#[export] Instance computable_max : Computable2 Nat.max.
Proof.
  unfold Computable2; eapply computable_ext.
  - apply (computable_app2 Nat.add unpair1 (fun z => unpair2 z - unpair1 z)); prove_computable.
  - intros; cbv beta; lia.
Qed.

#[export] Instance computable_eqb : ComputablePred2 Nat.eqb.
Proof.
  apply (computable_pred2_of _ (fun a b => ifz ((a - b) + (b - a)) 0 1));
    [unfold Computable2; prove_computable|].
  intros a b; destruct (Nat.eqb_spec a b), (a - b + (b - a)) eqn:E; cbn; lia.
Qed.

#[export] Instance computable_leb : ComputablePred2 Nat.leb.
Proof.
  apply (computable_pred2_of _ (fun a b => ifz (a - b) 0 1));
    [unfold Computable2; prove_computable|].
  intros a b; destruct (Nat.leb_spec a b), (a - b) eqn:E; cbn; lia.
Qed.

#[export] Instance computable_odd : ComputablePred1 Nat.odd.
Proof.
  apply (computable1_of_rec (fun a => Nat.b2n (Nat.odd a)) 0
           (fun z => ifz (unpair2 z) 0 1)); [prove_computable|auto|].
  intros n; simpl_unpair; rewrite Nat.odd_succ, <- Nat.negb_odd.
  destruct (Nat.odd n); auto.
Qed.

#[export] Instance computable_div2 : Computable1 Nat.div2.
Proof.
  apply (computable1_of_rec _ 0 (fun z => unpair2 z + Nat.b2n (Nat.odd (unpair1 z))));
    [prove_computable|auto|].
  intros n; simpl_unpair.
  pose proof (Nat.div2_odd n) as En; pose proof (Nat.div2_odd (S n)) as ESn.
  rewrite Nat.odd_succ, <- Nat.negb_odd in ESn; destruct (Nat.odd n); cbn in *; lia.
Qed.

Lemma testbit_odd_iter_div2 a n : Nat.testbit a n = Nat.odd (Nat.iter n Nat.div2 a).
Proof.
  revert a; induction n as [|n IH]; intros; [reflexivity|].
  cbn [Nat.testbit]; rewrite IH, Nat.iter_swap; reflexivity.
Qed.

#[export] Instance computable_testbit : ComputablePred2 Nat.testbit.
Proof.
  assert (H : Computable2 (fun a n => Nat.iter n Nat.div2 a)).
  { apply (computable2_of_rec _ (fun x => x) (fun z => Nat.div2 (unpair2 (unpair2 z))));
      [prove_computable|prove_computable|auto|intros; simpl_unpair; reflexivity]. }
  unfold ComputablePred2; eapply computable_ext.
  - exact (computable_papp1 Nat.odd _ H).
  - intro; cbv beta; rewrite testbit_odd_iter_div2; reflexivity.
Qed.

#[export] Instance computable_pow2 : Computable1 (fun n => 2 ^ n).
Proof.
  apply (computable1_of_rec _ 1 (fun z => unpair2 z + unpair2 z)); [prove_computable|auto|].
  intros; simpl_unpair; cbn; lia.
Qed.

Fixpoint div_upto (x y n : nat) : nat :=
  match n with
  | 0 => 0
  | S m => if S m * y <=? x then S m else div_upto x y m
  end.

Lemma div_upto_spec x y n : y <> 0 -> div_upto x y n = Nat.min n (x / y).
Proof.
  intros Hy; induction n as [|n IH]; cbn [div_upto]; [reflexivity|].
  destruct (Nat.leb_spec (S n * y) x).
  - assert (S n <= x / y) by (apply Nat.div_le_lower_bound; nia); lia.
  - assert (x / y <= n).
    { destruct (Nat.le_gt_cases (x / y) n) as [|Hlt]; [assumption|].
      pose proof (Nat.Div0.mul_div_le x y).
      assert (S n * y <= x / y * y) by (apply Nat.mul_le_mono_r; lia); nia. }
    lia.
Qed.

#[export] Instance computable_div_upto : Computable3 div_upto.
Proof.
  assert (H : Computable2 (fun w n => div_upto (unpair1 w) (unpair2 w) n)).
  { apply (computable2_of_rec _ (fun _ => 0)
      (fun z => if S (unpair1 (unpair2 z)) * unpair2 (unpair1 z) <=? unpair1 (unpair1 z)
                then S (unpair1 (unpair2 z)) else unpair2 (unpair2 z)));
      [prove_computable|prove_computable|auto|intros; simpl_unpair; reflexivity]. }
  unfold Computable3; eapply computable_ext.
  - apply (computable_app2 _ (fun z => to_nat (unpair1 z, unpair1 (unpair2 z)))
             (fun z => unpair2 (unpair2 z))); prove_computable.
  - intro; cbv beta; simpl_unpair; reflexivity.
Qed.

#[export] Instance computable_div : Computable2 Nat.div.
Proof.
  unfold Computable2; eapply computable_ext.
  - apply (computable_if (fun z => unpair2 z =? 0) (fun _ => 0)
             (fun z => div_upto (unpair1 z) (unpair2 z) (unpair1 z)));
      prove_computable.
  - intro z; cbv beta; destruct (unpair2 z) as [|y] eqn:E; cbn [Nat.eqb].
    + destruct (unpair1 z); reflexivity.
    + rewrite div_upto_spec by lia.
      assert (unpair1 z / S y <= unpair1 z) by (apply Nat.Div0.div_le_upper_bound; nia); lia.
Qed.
- - - - - - -
▶ [To do]
When you reach the line that contains "apply (computable_pred2_of _ (fun a b => ifz (a", stop; output it and every line before it from the start of the data, exactly as written.

▶ [Reply]
#[export] Instance computable_max : Computable2 Nat.max.
Proof.
  unfold Computable2; eapply computable_ext.
  - apply (computable_app2 Nat.add unpair1 (fun z => unpair2 z - unpair1 z)); prove_computable.
  - intros; cbv beta; lia.
Qed.

#[export] Instance computable_eqb : ComputablePred2 Nat.eqb.
Proof.
  apply (computable_pred2_of _ (fun a b => ifz ((a - b) + (b - a)) 0 1));
    [unfold Computable2; prove_computable|].
  intros a b; destruct (Nat.eqb_spec a b), (a - b + (b - a)) eqn:E; cbn; lia.
Qed.

#[export] Instance computable_leb : ComputablePred2 Nat.leb.
Proof.
  apply (computable_pred2_of _ (fun a b => ifz (a - b) 0 1));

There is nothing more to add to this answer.